Probability of proportion Assume that the proportion of students at forks high school who regularly workout is .25. Suppose Emmett interviews 100 students to discuss their habits. What is the probability that the proportion of the students interviewed who workout is between .2 and .3
 A: The number of students at Forks High School has not been specified. Perhaps it is a small school, and Emmett interviewed everyone. Then the required probability is $1$.
Or perhaps the school is huge, and $100$ is a tiny proportion of the students. Or perhaps, whatever the size of the school, Emmett chose the people he talked to with replacement. In that case, the number of students in the sample who exercise has binomial distribution, and the probability that the number is between $20$ and $30$ (inclusive) is 
$$\sum_{k=20}^{30} \binom{100}{k}(0.25)^k(0.75)^{100-k}.$$
Nowadays, there are are calculators that will evaluate the above sum exactly. There are also many computer programs that will do it, including the free to use Wolfram Alpha.

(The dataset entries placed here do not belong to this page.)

(* Let $G$ be the final graph of the uncoordinated construction (described in the context) on a set $P\subset\mathbb{R}^d$ of $n$ points with parameter $s>1$, and let $\alpha$ be the aspect ratio of $P$. Then the total Euclidean length of the edges of $G$ is $O(\lg\alpha\cdot|\mathrm{MST}|\cdot s^{d+1})$, where $|\mathrm{MST}|$ is the total length of a Euclidean minimum spanning tree of $P$ and the implied constant depends only on $d$.
   Context: Fix $d\ge 1$; $|xy|$ is Euclidean distance; $\lg$ is logarithm base 2. The aspect ratio is $\alpha=\max_{u,v\in P}|uv|/\min_{u\ne v\in P}|uv|$. Uncoordinated construction: start with the graph $G$ on vertex set $P$ with no edges. Every ordered pair $(p,q)$ of distinct points of $P$ is processed exactly once, in an arbitrary order, one at a time. When $(p,q)$ is processed, the edge $pq$ is added to $G$ unless $G$ currently contains an edge whose endpoints can be labeled $p',q'$ with $|pp'|\le |p'q'|/(2s+2)$ and $|qq'|\le |p'q'|/(2s+2)$. $G$ is the graph after all pairs are processed. *)

From HB Require Import structures.
From mathcomp Require Import all_boot all_order all_algebra.
From mathcomp Require Import reals exp.
Set Implicit Arguments. Unset Strict Implicit. Unset Printing Implicit Defensive.
Import Order.TTheory GRing.Theory Num.Theory.
Local Open Scope ring_scope.

Section Defs.
Variables (R : realType) (d n : nat).
Implicit Types (p : 'I_n -> 'rV[R]_d).

Definition edist (x y : 'rV[R]_d) : R :=
  Num.sqrt (\sum_(k < d) (x 0 k - y 0 k) ^+ 2).

Definition lg (x : R) : R := ln x / ln 2.

Definition diameter p : R :=
  \big[Num.max/0]_(i < n) \big[Num.max/0]_(j < n) edist (p i) (p j).

(* min_{u <> v} |uv|  (meaningful when n >= 2) *)
Definition min_dist p : R :=
  \big[Num.min/diameter p]_(i < n) \big[Num.min/diameter p]_(j < n | j != i)
     edist (p i) (p j).

Definition aspect_ratio p : R := diameter p / min_dist p.

(* The test performed when the ordered pair (i,j) is processed: G (a set of
   edges, each stored as the ordered pair it was added as) contains an edge
   {a,b} whose endpoints can be labeled p',q' with
   |p p'| <= |p'q'|/(2s+2) and |q q'| <= |p'q'|/(2s+2). *)
Definition covered p (s : R) (E : {set 'I_n * 'I_n}) (i j : 'I_n) : bool :=
  [exists e in E,
     let a := e.1 in let b := e.2 in
     let r := edist (p a) (p b) / (2 * s + 2) in
     ((edist (p i) (p a) <= r) && (edist (p j) (p b) <= r)) ||
     ((edist (p i) (p b) <= r) && (edist (p j) (p a) <= r))].

Definition process p (s : R) (E : {set 'I_n * 'I_n}) (e : 'I_n * 'I_n) :=
  if covered p s E e.1 e.2 then E else e |: E.

Definition uncoord_graph p (s : R) (ord : seq ('I_n * 'I_n)) :
  {set 'I_n * 'I_n} := foldl (process p s) set0 ord.

Definition graph_length p (E : {set 'I_n * 'I_n}) : R :=
  \sum_(e in E) edist (p e.1) (p e.2).

Definition tree_rel (T : {set {set 'I_n}}) : rel 'I_n :=
  fun u v => [set u; v] \in T.

Definition is_spanning_tree (T : {set {set 'I_n}}) : Prop :=
  [/\ forall f, f \in T -> #|f| = 2%N,
      forall u v : 'I_n, connect (tree_rel T) u v
    & #|T| = n.-1].

Definition tree_length p (T : {set {set 'I_n}}) : R :=
  \sum_(f in T) \sum_(u in f) \sum_(v in f | (u < v)%N) edist (p u) (p v).

Definition is_EMST p (T : {set {set 'I_n}}) : Prop :=
  is_spanning_tree T /\
  forall T', is_spanning_tree T' -> tree_length p T <= tree_length p T'.

End Defs.

(* Split the edges of G into O(lg alpha) dyadic classes of lengths in (L, 2L].
   For one class take a maximal rho-separated net S with rho = L / (4s + 4) and
   encode an edge by the net points near its endpoints.  Two edges with the
   same code would each cover the other, which is impossible since every edge
   is added only if no earlier edge covers it; and the second net point lies
   within 3L of the first, a ball holding O(s)^d net points by a grid argument.
   So a class has at most |S| O(s)^d edges.  Finally |S| rho <= 4 |MST|: the
   function min(rho/2, |u .|) rises by rho/2 along the tree path from u to any
   other net point, while a tree edge xy changes it by at most |xy|, and does so
   only for the at most two net points u within rho/2 of x or y. *)

From HB Require Import structures.
From mathcomp Require Import all_boot all_order all_algebra.
From mathcomp Require Import reals exp.
From mathcomp Require Import ring lra zify.
Import Order.TTheory GRing.Theory Num.Theory.
Local Open Scope ring_scope.
Set Implicit Arguments. Unset Strict Implicit. Unset Printing Implicit Defensive.

Section Euclidean.
Variables (R : realType) (d : nat).
Implicit Types (a b : 'I_d -> R) (x y z : 'rV[R]_d).

Lemma cauchy_schwarz a b :
  (\sum_k a k * b k) ^+ 2 <= (\sum_k a k ^+ 2) * (\sum_k b k ^+ 2).
Proof.
set A := \sum_k a k ^+ 2; set B := \sum_k b k ^+ 2; set c := \sum_k a k * b k.
have A_ge0 : 0 <= A by apply: sumr_ge0 => k _; exact: sqr_ge0.
have [A0|A_neq0] := eqVneq A 0.
  have a0 k : a k = 0.
    apply/eqP; rewrite -sqrf_eq0; apply/eqP.
    exact: (psumr_eq0P (fun i _ => sqr_ge0 (a i)) A0).
  by rewrite /c big1 ?expr0n ?A0 ?mul0r // => k _; rewrite a0 mul0r.
have A_gt0 : 0 < A by rewrite lt_def A_neq0 A_ge0.
have expand : \sum_k (A * b k - c * a k) ^+ 2 = A * (A * B - c ^+ 2).
  rewrite (eq_bigr (fun k => A ^+ 2 * b k ^+ 2 +
      (- (2 * A * c) * (a k * b k) + c ^+ 2 * a k ^+ 2))); last by move=> k _; ring.
  by rewrite !big_split /= -!mulr_sumr -/A -/B -/c; ring.
have : 0 <= A * (A * B - c ^+ 2).
  by rewrite -expand; apply: sumr_ge0 => k _; exact: sqr_ge0.
by rewrite pmulr_rge0 // subr_ge0.
Qed.

Lemma edist_ge0 x y : 0 <= edist x y.
Proof. exact: sqrtr_ge0. Qed.

Lemma edistC x y : edist x y = edist y x.
Proof. by congr Num.sqrt; apply: eq_bigr => k _; rewrite -sqrrN opprB. Qed.

Lemma edistxx x : edist x x = 0.
Proof. by rewrite /edist big1 ?sqrtr0 // => k _; rewrite subrr expr0n. Qed.

Lemma edist_eq0 x y : (edist x y == 0) = (x == y).
Proof.
apply/eqP/eqP => [|->]; last exact: edistxx.
move/eqP; rewrite sqrtr_eq0 => le0.
have sum0 : \sum_k (x 0 k - y 0 k) ^+ 2 = 0.
  by apply/eqP; rewrite eq_le le0 sumr_ge0 // => k _; exact: sqr_ge0.
apply/rowP => k; apply/eqP; rewrite -subr_eq0 -sqrf_eq0; apply/eqP.
exact: (psumr_eq0P (fun i _ => sqr_ge0 (x 0 i - y 0 i)) sum0).
Qed.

Chances are fairly good, however, that you are expected to use the normal approximation. Let $Y$ be the sample proportion of students who exercise. Then $Y$ has approximately normal distribution, mean $0.25$, and standard deviation 
$\frac{\sqrt{(0.25)(0.75)}}{\sqrt{100}}$. Call this number $s$. Then
$$\Pr(0.2\le Y\le 0.3)\approx \Pr\left(\frac{0.2-0.25}{s}\le Z\le \frac{0.3-0.25}{s}\right),$$
where $Z$ is standard normal.  This can be calculated using software or tables. 
Remark: As a further complication, you may be expected to apply the continuity correction to the normal approximation of the binomial. If that term has not been used in your course, don't worry about it. 
A: For the probability of the proportion of students that workout to be $0.2$ we need 20 students who work out and 80 who don't. Probability that a random student works out is $0.25$. Thus the probability that 20 of the 100 work out is $$\binom{100}{20} \cdot (0.25)^{20} \cdot (0.75)^{80}$$ Now you need to do the same for 21 students, 22 students and so on till 30 students. Then you add up the probabilities for your answer so $$\sum_{k=20}^{30} \binom{100}{k} (0.25)^{k} (0.75)^{100-k}\approx 0.797$$
I guess there's a more elegant way to do this problem. If I find one, I'll let you know.